Confined spaces are ones that are not designed to be continuously occupied and can be difficult to exit during an emergency. Confined spaces include underground vaults, tanks, storage bins, manholes, pits, silos, underground utility vaults, pipelines, and commercial grease traps. Workers who enter confined spaces can face life-threatening hazards that include asphyxiation, drowning or engulfment, electrocution, explosions, fall hazards, and flammable or toxic substances. The atmospheric hazards of confined spaces can be debilitating and even fatal.

For example, on February 2, 2007, at the Orleans Hotel and Casino in Las Vegas, Nevada, plumbers and engineers attempting to address a problem with a grease interceptor/trap in the hotel’s sewer system were overcome by hydrogen sulfide (H2S) inhalation. Two workers were pronounced dead on the scene, and another suffered permanent neurological damage.

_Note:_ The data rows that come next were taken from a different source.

(* For a free $E$-linear code $C$ of length $2n$, $\mathrm{rank}(SHull(C))=\dim_{\mathbb{F}_2}(SHull(C_{Res}))$.
   Context: $E=\langle \kappa,\tau \mid 2\kappa=2\tau=0,\ \kappa^2=\kappa,\ \tau^2=\tau,\ \kappa\tau=\kappa,\ \tau\kappa=\tau\rangle$ is the non-unital ring $\{0,\kappa,\tau,\zeta\}$, $\zeta=\kappa+\tau$, with $e\kappa=e\tau=e$, $e\zeta=0$ for all $e\in E$. Every $e\in E$ is uniquely $u\kappa+v\zeta$ ($u,v\in\mathbb{F}_2$); $\pi(u\kappa+v\zeta)=u$, componentwise. An $E$-linear code of length $2n$ is a left $E$-submodule $C\subseteq E^{2n}$; $C_{Res}=\pi(C)$, $C_{Tor}=\{v\in\mathbb{F}_2^{2n}:\zeta v\in C\}$ (componentwise, $0\cdot\zeta=0,1\cdot\zeta=\zeta$); $C$ is free if $C_{Res}=C_{Tor}$. A finite set $X\subseteq E^{2n}$ generates $C$ if $C$ equals the union of the $E$-span $\{\sum e_jx_j:e_j\in E\}$ and the $\mathbb{F}_2$-span $\{\sum u_jx_j:u_j\in\mathbb{F}_2\}$ of $X$; the rank of a free code is the cardinality of a minimal generating set. Symplectic inner product (over $E$ or $\mathbb{F}_2$): $\langle (u|v),(u'|v')\rangle_s=\sum_i u_iv'_i+\sum_i v_iu'_i$. For binary $B$: $B^{\perp_S}=\{z:\langle z,w\rangle_s=0\ \forall w\in B\}$, $SHull(B)=B\cap B^{\perp_S}$. For $E$-linear $C$: $C^{\perp_S}=\{z\in E^{2n}:\langle z,w\rangle_s=\langle w,z\rangle_s=0\ \forall w\in C\}$, $SHull(C)=C\cap C^{\perp_S}$ (free whenever $C$ is free). *)

From HB Require Import structures.
From mathcomp Require Import all_boot all_order all_algebra.
Set Implicit Arguments. Unset Strict Implicit. Unset Printing Implicit Defensive.
Import Order.TTheory GRing.Theory Num.Theory.
Local Open Scope ring_scope.

(* The non-unital ring E = {0, kappa, tau, zeta}, zeta = kappa + tau. *)
Inductive E := E0 | Ek | Et | Ez.

Definition E_enc (e : E) : bool * bool :=
  match e with E0 => (false, false) | Ek => (true, false)
             | Et => (false, true)  | Ez => (true, true) end.
Definition E_dec (p : bool * bool) : E :=
  match p with (false, false) => E0 | (true, false) => Ek
             | (false, true) => Et | (true, true) => Ez end.
Lemma E_encK : cancel E_enc E_dec. Proof. by case. Qed.

HB.instance Definition _ := Finite.copy E (can_type E_encK).

Definition Eadd (a b : E) : E :=
  match a, b with
  | E0, x | x, E0 => x
  | Ek, Ek | Et, Et | Ez, Ez => E0
  | Ek, Et | Et, Ek => Ez
  | Ek, Ez | Ez, Ek => Et
  | Et, Ez | Ez, Et => Ek
  end.
Definition Eopp (a : E) : E := a.

Lemma EaddA : associative Eadd. Proof. by do 3!case. Qed.
Lemma EaddC : commutative Eadd. Proof. by do 2!case. Qed.
Lemma Eadd0 : left_id E0 Eadd. Proof. by case. Qed.
Lemma EaddN : left_inverse E0 Eopp Eadd. Proof. by case. Qed.

HB.instance Definition _ := GRing.isZmodule.Build E EaddA EaddC Eadd0 EaddN.

Definition Emul (a b : E) : E :=
  match b with Ek | Et => a | _ => E0 end.

(* pi(u kappa + v zeta) = u, as an element of F_2. *)
Definition piE (e : E) : 'F_2 :=
  match e with Ek | Et => 1 | _ => 0 end.

(* Vectors of length 2n: indices 'I_(n+n); first n coordinates = u, last n = v. *)
Notation Evec n := {ffun 'I_(n + n) -> E}.
Notation Fvec n := 'rV['F_2]_(n + n).

Definition Escale n (e : E) (x : Evec n) : Evec n := [ffun i => Emul e (x i)].

Definition Elinear n (C : {set Evec n}) : Prop :=
  [/\ (0 : Evec n) \in C,
      (forall x y, x \in C -> y \in C -> x + y \in C) &
      (forall e x, x \in C -> Escale e x \in C)].

Definition Cres n (C : {set Evec n}) : {set Fvec n} :=
  [set (\row_i piE (x i) : Fvec n) | x : Evec n in C].

Definition zeta_vec n (v : Fvec n) : Evec n :=
  [ffun i => if v 0 i == 0 then E0 else Ez].

Definition Ctor n (C : {set Evec n}) : {set Fvec n} :=
  [set v : Fvec n | zeta_vec v \in C].

Definition Efree n (C : {set Evec n}) : Prop := Cres C = Ctor C.

(* Spans of a finite set X: E-span and F_2-span (u_j in F_2 acting by 0x=0, 1x=x,
   encoded by a boolean selecting the x_j with u_j = 1). *)
Definition inEspan n (X : {set Evec n}) (z : Evec n) : Prop :=
  exists f : Evec n -> E, z = \sum_(x in X) Escale (f x) x.
Definition inF2span n (X : {set Evec n}) (z : Evec n) : Prop :=
  exists f : Evec n -> bool, z = \sum_(x in X | f x) x.

Definition generates n (X C : {set Evec n}) : Prop :=
  forall z, z \in C <-> (inEspan X z \/ inF2span X z).

Definition is_rank n (C : {set Evec n}) (r : nat) : Prop :=
  (exists X, generates X C /\ #|X| = r) /\
  (forall X, generates X C -> (r <= #|X|)%N).

Definition sympE n (x y : Evec n) : E :=
  \sum_(i < n) Emul (x (lshift n i)) (y (rshift n i)) +
  \sum_(i < n) Emul (x (rshift n i)) (y (lshift n i)).

Definition sympF n (x y : Fvec n) : 'F_2 :=
  \sum_(i < n) x 0 (lshift n i) * y 0 (rshift n i) +
  \sum_(i < n) x 0 (rshift n i) * y 0 (lshift n i).

Definition dualE n (C : {set Evec n}) : {set Evec n} :=
  [set z | [forall w in C, (sympE z w == 0) && (sympE w z == 0)]].
Definition SHullE n (C : {set Evec n}) : {set Evec n} := C :&: dualE C.

Definition dualF n (B : {set Fvec n}) : {set Fvec n} :=
  [set z | [forall w in B, sympF z w == 0]].
Definition SHullF n (B : {set Fvec n}) : {set Fvec n} := B :&: dualF B.

Definition dimF2 n (B : {set Fvec n}) : nat := \dim <<enum B>>%VS.

(* Writing e = u kappa + v zeta identifies E with F_2 x F_2, and a free code C
   with kappa B + zeta B, where B = C_Res = C_Tor.  The product e x only sees
   the residue u of x, so the symplectic conditions defining SHull(C) split
   coordinatewise and SHull(C) = kappa H + zeta H with H = SHull(B).  A basis
   of H, lifted by kappa, generates kappa H + zeta H over E; conversely the
   residues of any generating set span H, so dim H is the least size of a
   generating set. *)

From Pilot Require Import Defs.
From mathcomp Require Import all_boot all_order all_algebra.
Set Implicit Arguments. Unset Strict Implicit. Unset Printing Implicit Defensive.
Import Order.TTheory GRing.Theory Num.Theory.
Local Open Scope ring_scope.

(* Unqualified, [piE] would resolve to MathComp's generic_quotient.piE. *)
Local Notation piE := Defs.piE.

Lemma F2_cases (c : 'F_2) : c = 0 \/ c = 1.
Proof. case: c => [[|[|m]] Hm]; [left | right | by []]; exact/val_inj. Qed.

Lemma F2_addxx (c : 'F_2) : c + c = 0.
Proof. exact: addrr_pchar2 (pchar_Fp _) c. Qed.

(* The coordinate v of e = u kappa + v zeta; piE e is u. *)
Definition torE (e : E) : 'F_2 := match e with Et | Ez => 1 | _ => 0 end.

Definition Emk (u v : 'F_2) : E :=
  if u == 0 then (if v == 0 then E0 else Ez) else (if v == 0 then Ek else Et).

Lemma piE_Emk u v : piE (Emk u v) = u.
Proof. by case: (F2_cases u) => ->; case: (F2_cases v) => ->. Qed.

Lemma torE_Emk u v : torE (Emk u v) = v.
Proof. by case: (F2_cases u) => ->; case: (F2_cases v) => ->. Qed.

Lemma piE_torE_inj e1 e2 : piE e1 = piE e2 -> torE e1 = torE e2 -> e1 = e2.
Proof. by case: e1; case: e2 => //= /eqP; rewrite ?oner_eq0 // eq_sym oner_eq0. Qed.

Lemma E_eq0 e : (e == 0) = (piE e == 0) && (torE e == 0).
Proof. by case: e; rewrite /= ?oner_eq0 ?eqxx. Qed.

Lemma piED a b : piE (a + b) = piE a + piE b.
Proof. by case: a; case: b; rewrite /= ?F2_addxx ?addr0 ?add0r. Qed.

Lemma torED a b : torE (a + b) = torE a + torE b.
Proof. by case: a; case: b; rewrite /= ?F2_addxx ?addr0 ?add0r. Qed.

Lemma piEM a b : piE (Emul a b) = piE a * piE b.
Proof. by case: a; case: b; rewrite /= ?mulr0 ?mul0r ?mulr1. Qed.

Lemma torEM a b : torE (Emul a b) = torE a * piE b.
Proof. by case: a; case: b; rewrite /= ?mulr0 ?mul0r ?mulr1. Qed.

Lemma piE_sum I (r : seq I) (P : pred I) (F : I -> E) :
  piE (\sum_(i <- r | P i) F i) = \sum_(i <- r | P i) piE (F i).
Proof. exact: (big_morph piE piED). Qed.

Lemma torE_sum I (r : seq I) (P : pred I) (F : I -> E) :
  torE (\sum_(i <- r | P i) F i) = \sum_(i <- r | P i) torE (F i).
Proof. exact: (big_morph torE torED). Qed.

Section Vectors.
Variable n : nat.
Implicit Types (x y z : Evec n) (a b w : Fvec n).

Definition resv x : Fvec n := \row_i piE (x i).
Definition torv x : Fvec n := \row_i torE (x i).
Definition Evec_of a b : Evec n := [ffun i => Emk (a 0 i) (b 0 i)].

Lemma resv_of a b : resv (Evec_of a b) = a.
Proof. by apply/rowP => i; rewrite !mxE ffunE piE_Emk. Qed.

Lemma torv_of a b : torv (Evec_of a b) = b.
Proof. by apply/rowP => i; rewrite !mxE ffunE torE_Emk. Qed.

Lemma resv_torv_inj x y : resv x = resv y -> torv x = torv y -> x = y.
Proof.
move=> /rowP hres /rowP htor; apply/ffunP => i.
by apply: piE_torE_inj; [move: (hres i) | move: (htor i)]; rewrite !mxE.
Qed.

Lemma resvD x y : resv (x + y) = resv x + resv y.
Proof. by apply/rowP => i; rewrite !mxE ffunE piED. Qed.

Lemma torvD x y : torv (x + y) = torv x + torv y.
Proof. by apply/rowP => i; rewrite !mxE ffunE torED. Qed.

Lemma resv0 : resv 0 = 0.
Proof. by apply/rowP => i; rewrite !mxE ffunE. Qed.

Lemma torv0 : torv 0 = 0.
Proof. by apply/rowP => i; rewrite !mxE ffunE. Qed.

Lemma resv_sum I (r : seq I) (P : pred I) (F : I -> Evec n) :
  resv (\sum_(i <- r | P i) F i) = \sum_(i <- r | P i) resv (F i).
Proof. exact: (big_morph resv resvD resv0). Qed.

Lemma torv_sum I (r : seq I) (P : pred I) (F : I -> Evec n) :
  torv (\sum_(i <- r | P i) F i) = \sum_(i <- r | P i) torv (F i).
Proof. exact: (big_morph torv torvD torv0). Qed.

Lemma resv_Escale e x : resv (Escale e x) = piE e *: resv x.
Proof. by apply/rowP => i; rewrite !mxE ffunE piEM. Qed.

Lemma torv_Escale e x : torv (Escale e x) = torE e *: resv x.
Proof. by apply/rowP => i; rewrite !mxE ffunE torEM. Qed.

Lemma resv_zeta a : resv (zeta_vec a) = 0.
Proof. by apply/rowP => i; rewrite !mxE ffunE; case: ifP. Qed.

Lemma torv_zeta a : torv (zeta_vec a) = a.
Proof. by apply/rowP => i; rewrite !mxE ffunE; case: (F2_cases (a 0 i)) => ->. Qed.

Lemma Fvec_addxx a : a + a = 0.
Proof. by apply/rowP => i; rewrite !mxE F2_addxx. Qed.

Lemma EscaleDl e1 e2 x : Escale (e1 + e2) x = Escale e1 x + Escale e2 x.
Proof.
by apply: resv_torv_inj;
  rewrite ?resvD ?torvD ?resv_Escale ?torv_Escale ?piED ?torED scalerDl.
Qed.

Lemma Escale0 x : Escale 0 x = 0.
Proof.
by apply: resv_torv_inj; rewrite ?resv0 ?torv0 ?resv_Escale ?torv_Escale scale0r.
Qed.

Lemma piE_sympE x y : piE (sympE x y) = sympF (resv x) (resv y).
Proof.
rewrite /sympE /sympF piED !piE_sum.
by congr (_ + _); apply: eq_bigr => i _; rewrite piEM !mxE.
Qed.

Lemma torE_sympE x y : torE (sympE x y) = sympF (torv x) (resv y).
Proof.
rewrite /sympE /sympF torED !torE_sum.
by congr (_ + _); apply: eq_bigr => i _; rewrite torEM !mxE.
Qed.

Lemma sympE_eq0 x y :
  (sympE x y == 0) = (sympF (resv x) (resv y) == 0) && (sympF (torv x) (resv y) == 0).
Proof. by rewrite E_eq0 piE_sympE torE_sympE. Qed.

Lemma sympFC a b : sympF a b = sympF b a.
Proof. by rewrite /sympF addrC; congr (_ + _); apply: eq_bigr => i _; rewrite mulrC. Qed.

Lemma sympFDl a b w : sympF (a + b) w = sympF a w + sympF b w.
Proof.
rewrite /sympF [RHS]addrACA.
by congr (_ + _); rewrite -big_split; apply: eq_bigr => i _; rewrite !mxE mulrDl.
Qed.

Lemma sympF0l w : sympF 0 w = 0.
Proof. by rewrite /sympF !big1 ?addr0 // => i _; rewrite !mxE mul0r. Qed.

End Vectors.

Definition Ecode_of n (U : {vspace Fvec n}) : {set Evec n} :=
  [set z | (resv z \in U) && (torv z \in U)].

Section Spans.
Variables (n : nat) (X : {set Evec n}).
Implicit Type W : {vspace Fvec n}.

Lemma inEspan0 : inEspan X 0.
Proof. by exists (fun=> 0); rewrite big1 // => x _; rewrite Escale0. Qed.

Lemma inEspanD y z : inEspan X y -> inEspan X z -> inEspan X (y + z).
Proof.
move=> [f ->] [g ->]; exists (fun x => f x + g x); rewrite -big_split /=.
by apply: eq_bigr => x _; rewrite EscaleDl.
Qed.

Lemma inEspan_Escale e x : x \in X -> inEspan X (Escale e x).
Proof.
move=> xX; exists (fun y => if y == x then e else 0).
rewrite (bigD1 x) //= eqxx big1 ?addr0 // => y /andP[_ /negbTE ->].
by rewrite Escale0.
Qed.

Lemma inEspan_Ecode W z :
  {in X, forall x, resv x \in W} -> inEspan X z -> z \in Ecode_of W.
Proof.
move=> resX [f ->]; rewrite inE resv_sum torv_sum.
by apply/andP; split; apply: memv_suml => x xX;
  rewrite ?resv_Escale ?torv_Escale memvZ ?resX.
Qed.

Lemma resv_inF2span W z :
  {in X, forall x, resv x \in W} -> inF2span X z -> resv z \in W.
Proof. by move=> resX [f ->]; rewrite resv_sum; apply: memv_suml => x /andP[/resX]. Qed.

Lemma torv_inF2span W z :
  {in X, forall x, torv x \in W} -> inF2span X z -> torv z \in W.
Proof. by move=> torX [f ->]; rewrite torv_sum; apply: memv_suml => x /andP[/torX]. Qed.

End Spans.

Section EcodeRank.
Variables (n : nat) (U : {vspace Fvec n}).

Definition lift_vbasis : {set Evec n} := [set Evec_of h 0 | h in (vbasis U : seq _)].

Lemma card_lift_vbasis : #|lift_vbasis| = \dim U.
Proof.
rewrite card_imset; last by move=> a b /(congr1 (@resv n)); rewrite !resv_of.
have /card_uniqP -> := free_uniq (basis_free (vbasisP U)).
by rewrite size_tuple.
Qed.

Lemma inEspan_lift_vbasis z : z \in Ecode_of U -> inEspan lift_vbasis z.
Proof.
rewrite inE => /andP[resU torU].
pose c i := Emk (coord (vbasis U) i (resv z)) (coord (vbasis U) i (torv z)).
have -> : z = \sum_(i < \dim U) Escale (c i) (Evec_of (vbasis U)`_i 0).
  apply: resv_torv_inj; rewrite ?resv_sum ?torv_sum.
    under eq_bigr => i _ do rewrite resv_Escale piE_Emk resv_of.
    exact: coord_vbasis.
  under eq_bigr => i _ do rewrite torv_Escale torE_Emk resv_of.
  exact: coord_vbasis.
apply: (big_ind (inEspan lift_vbasis)); [exact: inEspan0 | exact: inEspanD |].
move=> i _; apply/inEspan_Escale/imsetP; exists (vbasis U)`_i => //.
by rewrite mem_nth ?size_tuple.
Qed.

Workers in confined spaces can be exposed to air contaminants, one of the American Industrial Hygiene Association’s (AIHA) “Focus Four” construction industry health hazards, along with excessive noise, high temperatures, and manual materials handling.

The Occupational Safety and Health Administration (OSHA) has general industry (29 CFR §1910.146), maritime (Part 1915, Subpart B), and construction industry standards (Part 1926, Subpart AA) regarding confined spaces. The standards contain requirements for entry permit programs, warning signs, training, atmospheric testing and ventilation, attendants, entry supervisors, and rescue and emergency services.

Besides manholes, pipelines, and storage bins, confined spaces include commercial grease traps and railcar and trailer tanks. As food waste decays in commercial grease traps, H2S is released.

November 22: Understanding OSHA’s Emphasis Programs

How likely are you to see a compliance safety and health officer (CSHO) show up at your workplace for an Occupational Safety and Health Administration (OSHA) inspection?

The agency has a few methods for allocating its enforcement resources. For example, the agency’s initial response to an employee complaint may be a letter or telephone call rather than an on-site inspection. The agency also evaluates the performance of its area offices using the OSHA Weighting System (OWS).

The OWS assigns a number of enforcement units (EU) for different types of inspections. The agency assigns the highest number of EUs for inspections involving criminal or significant cases: seven EUs. It awards five EUs for inspections for process safety management (PSM) of highly hazardous chemicals and for inspections following a fatality or catastrophe.

The weighting system awards three EUs for inspections for the agency’s “focus four” hazards: caught-in or between, electrical, fall, and struck-by hazards. OSHA assigns two EUs for inspections for certain hazards, including ergonomics (musculoskeletal disorders), permit-required confined spaces hazards, occupational noise, site-specific targeting (based on employer-submitted injury and illness data), and workplace violence. All other inspections receive one EU.

OSHA also uses national, regional, and local emphasis programs (NEPs, REPs, and LEPs) to focus its enforcement resources on particular hazards or high-hazard industries. The agency’s newest NEP is an emphasis program for COVID-19 launched March 12 and revised July 7, with minor changes made August 30.

Area offices begin their NEP enforcement efforts with site selection, generating a master list of establishments for possible inspection. Agency directives for hazard-specific NEPs typically include a list of targeted industries.

Primary targets of the COVID-19 NEP include ambulance and home healthcare services; correctional facilities; healthcare and long-term care facilities; hospitals and physicians’ offices; and department stores, groceries, supermarkets, restaurants, meatpacking and poultry processing facilities, and warehouses and storage facilities.